(* Let $\mathcal{S}$ be a finite state space with non-terminal states $\mathcal{S}_N$ and reward function $r:\mathcal{S}\to\mathbb{R}$ with $r(s)<0$ for $s\in\mathcal{S}_N$, and let $\lambda>0$. Assume there is exactly one start state $s_0$. Let $\mathcal{D}$ be a dataset of transitions $(s,a,r,s')$ collected by an agent starting from $s_0$ and following the default policy $\pi_d$, stored in the order in which they were collected, and let $\mathcal{S}_V$ be the set of states visited in $\mathcal{D}$. Initialize $\mathbf{Z}\in\mathbb{R}^{|\mathcal{S}|\times|\mathcal{S}|}$ as the identity matrix, and learn it by the temporal-difference update: for a transition $(s,a,r,s')$ and for all $j\in\mathcal{S}$, $\mathbf{Z}(s,j)\leftarrow\mathbf{Z}(s,j)+\alpha\,[Y-\mathbf{Z}(s,j)]$, where $Y=\exp(r/\lambda)\big(\mathbb{1}_{\{s=j\}}+\mathbf{Z}(s',j)\big)$ if $s$ is non-terminal and $Y=\exp(r/\lambda)\mathbb{1}_{\{s=j\}}$ if $s$ is terminal, with step size $\alpha\in(0,1)$. Then, after one backward sweep through $\mathcal{D}$ (applying this update to the transitions in reverse order of collection), the top eigenvector (eigenvector of the largest eigenvalue) of $\operatorname{Sym}(\mathbf{Z}_{VV})=(\mathbf{Z}_{VV}+\mathbf{Z}_{VV}^\top)/2$ is positive, where $\mathbf{Z}_{VV}$ is the submatrix of $\mathbf{Z}$ with rows and columns indexed by $\mathcal{S}_V$.
   Context: The default policy $\pi_d$ assigns nonzero probability to all state-action pairs; $r$ in a transition denotes the reward $r(s)$ received at state $s$. ''Positive'' for an eigenvector means it can be chosen with all entries positive. *)

From Stdlib Require List.
From HB Require Import structures.
From mathcomp Require Import all_boot all_order all_algebra.
From mathcomp Require Import reals sequences exp.
Set Implicit Arguments. Unset Strict Implicit. Unset Printing Implicit Defensive.
Import Order.TTheory GRing.Theory Num.Theory.
Local Open Scope ring_scope.

(* A transition (s, a, r, s'); the reward r is r(s), the reward received at
   state s, so it is not stored but computed from the reward function. *)
Record transition (S A : Type) := Trans { tr_s : S; tr_a : A; tr_s' : S }.

Section Defs.
Variables (S A : finType) (R : realType).

(* The data-collection relation between consecutive transitions d, e of the
   dataset: either a new episode starts at the (unique) start state s0, or the
   agent continues from the next state s' of d, which is only possible if the
   state of d is non-terminal (an episode ends at a terminal state). *)
Definition next_ok (s0 : S) (SN : {set S}) (d e : transition S A) : bool :=
  (tr_s e == s0) || ((tr_s d \in SN) && (tr_s e == tr_s' d)).

Definition collected (s0 : S) (SN : {set S}) (P : S -> A -> S -> R)
    (pid : S -> A -> R) (D : seq (transition S A)) : Prop :=
  (forall s a, 0 < pid s a) /\
  (forall s, \sum_(a : A) pid s a = 1) /\
  (forall s a s', 0 <= P s a s') /\
  (forall s a, \sum_(s' : S) P s a s' = 1) /\
  (forall d, List.In d D -> tr_s d \in SN -> 0 < P (tr_s d) (tr_a d) (tr_s' d)) /\
  (if D is d :: _ then tr_s d = s0 else True) /\
  sorted (next_ok s0 SN) D.

Definition visited (SN : {set S}) (D : seq (transition S A)) : {set S} :=
  [set x | has (fun d => (tr_s d == x) || ((tr_s d \in SN) && (tr_s' d == x))) D].

Definition Zinit : S -> S -> R := fun i j => (i == j)%:R.

Definition td_update (SN : {set S}) (rew : S -> R) (lam alpha : R)
    (d : transition S A) (Z : S -> S -> R) : S -> S -> R :=
  fun i j =>
    if i == tr_s d then
      let Y := if tr_s d \in SN
               then expR (rew (tr_s d) / lam) * ((tr_s d == j)%:R + Z (tr_s' d) j)
               else expR (rew (tr_s d) / lam) * (tr_s d == j)%:R in
      Z i j + alpha * (Y - Z i j)
    else Z i j.

(* One backward sweep: the last collected transition is processed first. *)
Definition backward_sweep (SN : {set S}) (rew : S -> R) (lam alpha : R)
    (D : seq (transition S A)) : S -> S -> R :=
  foldr (td_update SN rew lam alpha) Zinit D.

(* Submatrix with rows and columns indexed by V (in the enumeration order of V). *)
Definition submx_VV (V : {set S}) (Z : S -> S -> R) : 'M[R]_#|V| :=
  \matrix_(i < #|V|, j < #|V|) Z (enum_val i) (enum_val j).

End Defs.

Definition Sym (R : fieldType) n (M : 'M[R]_n) : 'M[R]_n := (2%:R)^-1 *: (M + M^T).

(* mu is the largest eigenvalue of M (mathcomp's eigenvalue: row-vector convention). *)
Definition top_eigenvalue (R : realFieldType) n (M : 'M[R]_n) (mu : R) : Prop :=
  eigenvalue M mu /\ forall nu, eigenvalue M nu -> nu <= mu.

(* An eigenvector is positive if it can be chosen (rescaled) with all entries positive. *)
Definition positive_vec (R : realFieldType) n (v : 'rV[R]_n) : Prop :=
  exists c : R, forall i, 0 < c * v 0 i.

From Stdlib Require List.
From HB Require Import structures.
From mathcomp Require Import all_boot all_order all_algebra.
From mathcomp Require Import reals sequences exp classical_sets.
From mathcomp Require Import lra ring.
Set Implicit Arguments. Unset Strict Implicit. Unset Printing Implicit Defensive.
Import Order.TTheory GRing.Theory Num.Theory.
Local Open Scope ring_scope.

(* Starting from the identity, every TD update replaces a row of Z by a convex
   combination of that row and a nonnegative target, so Z stays entrywise
   nonnegative with a positive diagonal, and processing a transition s -> s'
   from a non-terminal s makes Z(s, s') positive because its target contains
   Z(s', s') > 0.  As D is a walk from s0, the positive entries of Sym(Z_VV)
   connect all visited states: Sym(Z_VV) is symmetric, nonnegative and
   irreducible.  For such a matrix M the top eigenvalue is the supremum mu of
   the Rayleigh quotient; mu I - M is positive semidefinite, so for a
   mu-eigenvector v the vector |v| also attains the supremum and is again a
   mu-eigenvector.  A nonnegative eigenvector of an irreducible matrix that
   vanishes somewhere vanishes everywhere; applied to |v| and to v + |v| this
   shows that v has no zero entry and a constant sign. *)

Lemma quadratic_ge0_discr (R : realFieldType) (a b c : R) : 0 <= c ->
  (forall t, 0 <= a + 2 * t * b + t ^+ 2 * c) -> b ^+ 2 <= a * c.
Proof.
move=> c_ge0 q_ge0; have [c_gt0|c0] := eqVneq c 0; last first.
  have := q_ge0 (- (b / c)).
  have -> : a + 2 * - (b / c) * b + (- (b / c)) ^+ 2 * c = (a * c - b ^+ 2) / c.
    by field.
  by rewrite pmulr_lge0 ?invr_gt0 ?lt0r ?c0 // subr_ge0.
rewrite c_gt0 mulr0; have [->|b0] := eqVneq b 0; first by rewrite expr0n.
have := q_ge0 (- (a + 1) / (2 * b)).
have -> : a + 2 * (- (a + 1) / (2 * b)) * b + (- (a + 1) / (2 * b)) ^+ 2 * c = -1.
  by rewrite c_gt0; field.
by rewrite ler0N1.
Qed.

Section QuadraticForm.
Variables (R : realFieldType) (n : nat).
Implicit Types (B M : 'M[R]_n) (x y : 'rV[R]_n).

Definition qform B x y : R := (x *m B *m y^T) 0 0.
Definition sqnorm y : R := (y *m y^T) 0 0.
Definition mx_abs_sum M : R := \sum_i \sum_j `|M i j|.

Lemma qformE B x y : qform B x y = \sum_i \sum_j x 0 i * B i j * y 0 j.
Proof.
rewrite /qform mxE (eq_bigr (fun j => \sum_i x 0 i * B i j * y 0 j)) => [|j _].
  exact: exchange_big.
by rewrite !mxE mulr_suml; apply: eq_bigr => i _.
Qed.

Lemma sqnormE y : sqnorm y = \sum_i y 0 i ^+ 2.
Proof. by rewrite /sqnorm mxE; apply: eq_bigr => i _; rewrite mxE expr2. Qed.

Lemma sqnorm_ge0 y : 0 <= sqnorm y.
Proof. by rewrite sqnormE sumr_ge0 // => i _; rewrite sqr_ge0. Qed.

Lemma sqnorm_eq0 y : (sqnorm y == 0) = (y == 0).
Proof.
apply/idP/eqP => [|->]; last by rewrite /sqnorm mul0mx mxE.
rewrite sqnormE psumr_eq0 => [/allP y0|i _]; last exact: sqr_ge0.
apply/rowP => i; rewrite mxE; apply/eqP; rewrite -sqrf_eq0.
exact: (implyP (y0 i (mem_index_enum i))).
Qed.

Lemma sqnorm_gt0 y : y != 0 -> 0 < sqnorm y.
Proof. by rewrite lt0r sqnorm_eq0 sqnorm_ge0 andbT. Qed.

Lemma sqr_le_sqnorm y i : y 0 i ^+ 2 <= sqnorm y.
Proof. by rewrite sqnormE (bigD1 i) //= lerDl sumr_ge0 // => j _; exact: sqr_ge0. Qed.

Lemma mx_abs_sum_ge0 M : 0 <= mx_abs_sum M.
Proof. by rewrite sumr_ge0 // => i _; rewrite sumr_ge0. Qed.

Lemma qform_le_abs_sum M y : qform M y y <= mx_abs_sum M * sqnorm y.
Proof.
rewrite qformE mulr_suml; apply: ler_sum => i _; rewrite mulr_suml.
apply: ler_sum => j _; apply: le_trans (ler_norm _) _.
rewrite !normrM mulrAC mulrC; apply: ler_wpM2l => //.
have := sqr_le_sqnorm y i; have := sqr_le_sqnorm y j.
rewrite -[y 0 i ^+ 2]real_normK ?num_real // -[y 0 j ^+ 2]real_normK ?num_real //.
have := normr_ge0 (y 0 i); have := normr_ge0 (y 0 j).
move: (`|y 0 i|) (`|y 0 j|) (sqnorm y) => p q s; nra.
Qed.

Lemma qform_eigen M nu y : y *m M = nu *: y -> qform M y y = nu * sqnorm y.
Proof. by move=> yM; rewrite /qform yM -scalemxAl mxE. Qed.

WORK ORDER: Could you filter the material above and copy each line that holds the word "supremum"?

PROBLEM SOLUTION:
   irreducible.  For such a matrix M the top eigenvalue is the supremum mu of
   mu-eigenvector v the vector |v| also attains the supremum and is again a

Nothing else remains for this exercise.